*Goal of the exercise:* The word "formula" marks the lines to copy; find all of them in the entries below.

*Study material:*
(* Let $\alpha\in\mathbb N=\{1,2,\ldots\}$ and define the real-valued measure $$\mu_\alpha=(1-q^\alpha)\sum_{k=0}^\infty q^{\alpha k}\delta_{q^k/\phi}.$$ Then $\mu_\alpha$ has total mass $1$ and for every $n\ge 0$, $$\int x^n\,d\mu_\alpha(x)=\frac{F_\alpha}{F_{\alpha+n}}.$$ Moreover $\mu_\alpha$ is a positive (probability) measure when $\alpha$ is even. In particular, $(1/F_{n+2})_{n\ge 0}$ is the moment sequence of the probability measure $\mu_2=(1-q^2)\sum_{k\ge 0}q^{2k}\delta_{q^k/\phi}$.
   Context: $F_n$ denotes the Fibonacci numbers: $F_0=0$, $F_1=1$, $F_{n+1}=F_n+F_{n-1}$. $\phi=(1+\sqrt5)/2$ and $q=(1-\sqrt5)/(1+\sqrt5)=1/\phi-1$, so $-1<q<0$. $\delta_a$ denotes the unit point mass at $a$. *)

From Stdlib Require Import Reals Lra Lia ClassicalEpsilon.
From Coquelicot Require Import Coquelicot.
Open Scope R_scope.

Fixpoint fib (n : nat) : nat :=
  match n with
  | O => O
  | S m => match m with
           | O => 1%nat
           | S p => (fib m + fib p)%nat
           end
  end.

Definition phi : R := (1 + sqrt 5) / 2.
Definition q : R := (1 - sqrt 5) / (1 + sqrt 5).

(* mu_alpha = (1 - q^alpha) sum_k q^(alpha k) delta_{q^k/phi}:
   weight and location of the k-th atom. *)
Definition mu_weight (alpha k : nat) : R := (1 - q ^ alpha) * q ^ (alpha * k).
Definition mu_atom (k : nat) : R := q ^ k / phi.

Definition mu (alpha : nat) (A : R -> Prop) : R :=
  Series (fun k => if excluded_middle_informative (A (mu_atom k))
                   then mu_weight alpha k else 0).

(* The terms of  \int f d mu_alpha = sum_k w_k f(x_k). *)
Definition mu_int_terms (alpha : nat) (f : R -> R) (k : nat) : R :=
  mu_weight alpha k * f (mu_atom k).

(* Since q = psi / phi with psi = (1 - sqrt 5) / 2, Binet's formula reads
   F_m sqrt 5 = phi^m (1 - q^m).  The n-th moment of mu_alpha is the geometric
   series (1 - q^alpha) phi^-n sum_k q^((alpha + n) k)
   = (1 - q^alpha) / (phi^n (1 - q^(alpha + n))), which is F_alpha / F_(alpha + n)
   by Binet's formula; n = 0 gives the total mass.  For even alpha,
   0 <= q^alpha < 1, so every atom has a nonnegative weight. *)
From Stdlib Require Import Reals Lra Lia ClassicalEpsilon.
From Coquelicot Require Import Coquelicot.
Open Scope R_scope.

Definition psi : R := (1 - sqrt 5) / 2.

Lemma sqrt5_sqr : sqrt 5 * sqrt 5 = 5.
Proof. apply sqrt_sqrt; lra. Qed.

Lemma sqrt5_bounds : 2 < sqrt 5 < 3.
Proof. pose proof sqrt5_sqr; pose proof (sqrt_pos 5); nra. Qed.

Lemma phi_pos : 0 < phi.
Proof. unfold phi; pose proof sqrt5_bounds; lra. Qed.

Lemma phi_sqr : phi ^ 2 = phi + 1.
Proof. unfold phi; pose proof sqrt5_sqr; simpl; nra. Qed.

Lemma psi_sqr : psi ^ 2 = psi + 1.
Proof. unfold psi; pose proof sqrt5_sqr; simpl; nra. Qed.

Lemma binet m : INR (fib m) * sqrt 5 = phi ^ m - psi ^ m.
Proof.
  enough (H : INR (fib m) * sqrt 5 = phi ^ m - psi ^ m /\
              INR (fib (S m)) * sqrt 5 = phi ^ S m - psi ^ S m) by apply H.
  induction m as [|m [IHm IHSm]].
  - split; simpl; [ring | unfold phi, psi; field].
  - split; [exact IHSm|].
    change (fib (S (S m))) with (fib (S m) + fib m)%nat.
    rewrite plus_INR, Rmult_plus_distr_r, IHm, IHSm.
    replace (phi ^ S (S m)) with (phi ^ 2 * phi ^ m) by (simpl; ring).
    replace (psi ^ S (S m)) with (psi ^ 2 * psi ^ m) by (simpl; ring).
    rewrite phi_sqr, psi_sqr; simpl; ring.
Qed.

Lemma q_eq : q = psi / phi.
Proof. unfold q, psi, phi; pose proof sqrt5_bounds; field; lra. Qed.

Lemma binet_q m : INR (fib m) * sqrt 5 = phi ^ m * (1 - q ^ m).
Proof.
  pose proof phi_pos.
  rewrite binet, q_eq; unfold Rdiv; rewrite Rpow_mult_distr, pow_inv.
  field; apply pow_nonzero; lra.
Qed.

Lemma q_bounds : -1 < q < 0.
Proof.
  unfold q; pose proof sqrt5_bounds.
  split; apply Rmult_lt_reg_r with (1 + sqrt 5); try lra; field_simplify; lra.
Qed.

Lemma Rabs_q_pow_lt_1 m : (1 <= m)%nat -> Rabs (q ^ m) < 1.
Proof.
  intros Hm; rewrite <- RPow_abs; pose proof q_bounds.
  apply pow_lt_1_compat; [rewrite Rabs_left by lra; lra | lia].
Qed.

Lemma INR_fib_pos m : (1 <= m)%nat -> 0 < INR (fib m).
Proof.
  intros Hm; pose proof (binet_q m); pose proof sqrt5_bounds.
  pose proof (Rabs_q_pow_lt_1 m Hm) as Hq; apply Rabs_def2 in Hq.
  assert (0 < phi ^ m) by (apply pow_lt, phi_pos).
  nra.
Qed.

Lemma fib_ratio a n : (1 <= a)%nat ->
  INR (fib a) / INR (fib (a + n)) = (1 - q ^ a) / (phi ^ n * (1 - q ^ (a + n))).
Proof.
  intros Ha; pose proof phi_pos; pose proof sqrt5_bounds.
  pose proof (INR_fib_pos (a + n) ltac:(lia)).
  pose proof (Rabs_q_pow_lt_1 (a + n) ltac:(lia)) as Hq; apply Rabs_def2 in Hq.
  assert (0 < phi ^ a) by (apply pow_lt; lra).
  assert (0 < phi ^ n) by (apply pow_lt; lra).
  replace (INR (fib a) / INR (fib (a + n)))
    with (INR (fib a) * sqrt 5 / (INR (fib (a + n)) * sqrt 5)) by (field; lra).
  rewrite !binet_q, pow_add; field; lra.
Qed.

Lemma mu_moment_terms alpha n k :
  mu_int_terms alpha (fun x => x ^ n) k
  = (q ^ (alpha + n)) ^ k * ((1 - q ^ alpha) / phi ^ n).
Proof.
  pose proof phi_pos.
  unfold mu_int_terms, mu_weight, mu_atom, Rdiv.
  rewrite Rpow_mult_distr, pow_inv, <- !pow_mult.
  replace ((alpha + n) * k)%nat with (alpha * k + k * n)%nat by lia.
  rewrite pow_add; ring.
Qed.

Lemma is_series_mu_moment alpha n : (1 <= alpha)%nat ->
  is_series (mu_int_terms alpha (fun x => x ^ n))
            ((1 - q ^ alpha) / (phi ^ n * (1 - q ^ (alpha + n)))).
Proof.
  intros Ha; pose proof phi_pos.
  pose proof (Rabs_q_pow_lt_1 (alpha + n) ltac:(lia)) as Hq; apply Rabs_def2 in Hq.
  assert (0 < phi ^ n) by (apply pow_lt; lra).
  replace ((1 - q ^ alpha) / (phi ^ n * (1 - q ^ (alpha + n))))
    with (/ (1 - q ^ (alpha + n)) * ((1 - q ^ alpha) / phi ^ n)) by (field; lra).
  eapply is_series_ext; [intros k; symmetry; apply mu_moment_terms|].
  apply is_series_scal_r, is_series_geom, Rabs_q_pow_lt_1; lia.
Qed.

Lemma is_series_mu_weight alpha : (1 <= alpha)%nat ->
  is_series (fun k => mu_weight alpha k) 1.
Proof.
  intros Ha; pose proof (is_series_mu_moment alpha 0 Ha) as H.
  rewrite Nat.add_0_r in H.
  pose proof (Rabs_q_pow_lt_1 alpha Ha) as Hq; apply Rabs_def2 in Hq.
  replace ((1 - q ^ alpha) / (phi ^ 0 * (1 - q ^ alpha))) with 1 in H
    by (simpl; field; lra).
  eapply is_series_ext; [|exact H].
  intros k; unfold mu_int_terms; simpl; ring.
Qed.

Lemma mu_setT alpha : mu alpha (fun _ => True) = Series (fun k => mu_weight alpha k).
Proof.
  unfold mu; apply Series_ext; intros k.
  destruct excluded_middle_informative; tauto.
Qed.

Lemma mu_nonneg alpha (A : R -> Prop) :
  (forall k, 0 <= mu_weight alpha k) -> ex_series (fun k => mu_weight alpha k) ->
  0 <= mu alpha A.
Proof.
  intros Hw Hex; unfold mu.
  set (t := fun k => if excluded_middle_informative (A (mu_atom k))
                     then mu_weight alpha k else 0).
  assert (Ht : forall k, 0 <= t k <= mu_weight alpha k).
  { intros k; unfold t; destruct excluded_middle_informative; split; try lra; apply Hw. }
  apply Rle_trans with (Series (fun k => 0 * t k)); [rewrite Series_scal_l; lra|].
  apply Series_le; [intros k; pose proof (Ht k); split; lra|].
  apply (@ex_series_le R_AbsRing R_CompleteNormedModule) with (fun k => mu_weight alpha k);
    [|exact Hex].
  intros k; change (norm (t k)) with (Rabs (t k)).
  rewrite Rabs_right by (destruct (Ht k); lra); apply Ht.
Qed.

Lemma mu_weight_nonneg_even alpha k : (1 <= alpha)%nat -> Nat.Even alpha ->
  0 <= mu_weight alpha k.
Proof.
  intros Ha [m ->]; unfold mu_weight.
  pose proof (Rabs_q_pow_lt_1 (2 * m) Ha) as Hq; apply Rabs_def2 in Hq.
  apply Rmult_le_pos; [lra|].
  rewrite <- Nat.mul_assoc, pow_sqr; apply pow_le, Rle_0_sqr.
Qed.

Lemma is_series_mu_moment_fib alpha n : (1 <= alpha)%nat ->
  is_series (mu_int_terms alpha (fun x => x ^ n))
            (INR (fib alpha) / INR (fib (alpha + n))).
Proof. intros Ha; rewrite fib_ratio by exact Ha; apply is_series_mu_moment, Ha. Qed.

Lemma mu_nonneg_even alpha (A : R -> Prop) : (1 <= alpha)%nat -> Nat.Even alpha ->
  0 <= mu alpha A.
Proof.
  intros Ha Hev; apply mu_nonneg.
  - intros k; apply mu_weight_nonneg_even; assumption.
  - eexists; apply is_series_mu_weight, Ha.
Qed.

Lemma mu_setT_eq_1 alpha : (1 <= alpha)%nat -> mu alpha (fun _ => True) = 1.
Proof. intros Ha; rewrite mu_setT; apply is_series_unique, is_series_mu_weight, Ha. Qed.

Theorem mainTheorem2 :
  (forall alpha : nat, (1 <= alpha)%nat ->
     (* total mass 1 *)
     is_series (fun k => mu_weight alpha k) 1 /\
     mu alpha (fun _ => True) = 1 /\
     (* moments *)
     (forall n : nat,
        is_series (mu_int_terms alpha (fun x => x ^ n))
                  (INR (fib alpha) / INR (fib (alpha + n))))) /\
  (* positivity for even alpha *)
  (forall alpha : nat, (1 <= alpha)%nat -> Nat.Even alpha ->
     forall A : R -> Prop, 0 <= mu alpha A) /\
  (* in particular: (1/F_{n+2}) is the moment sequence of the probability mu_2 *)
  ((forall A : R -> Prop, 0 <= mu 2 A) /\ mu 2 (fun _ => True) = 1 /\
   forall n : nat,
     is_series (mu_int_terms 2 (fun x => x ^ n)) (1 / INR (fib (n + 2)))).
Proof.
  split; [|split; [|split; [|split]]].
  - intros alpha Ha; split; [|split].
    + apply is_series_mu_weight, Ha.
    + apply mu_setT_eq_1, Ha.
    + intros n; apply is_series_mu_moment_fib, Ha.
  - intros alpha Ha Hev A; apply mu_nonneg_even; assumption.
  - intros A; apply mu_nonneg_even; [lia | exists 1%nat; reflexivity].
  - apply mu_setT_eq_1; lia.
  - intros n; rewrite Nat.add_comm.
    exact (is_series_mu_moment_fib 2 n ltac:(lia)).
Qed.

*Solution for this task:*
(* Since q = psi / phi with psi = (1 - sqrt 5) / 2, Binet's formula reads
   by Binet's formula; n = 0 gives the total mass.  For even alpha,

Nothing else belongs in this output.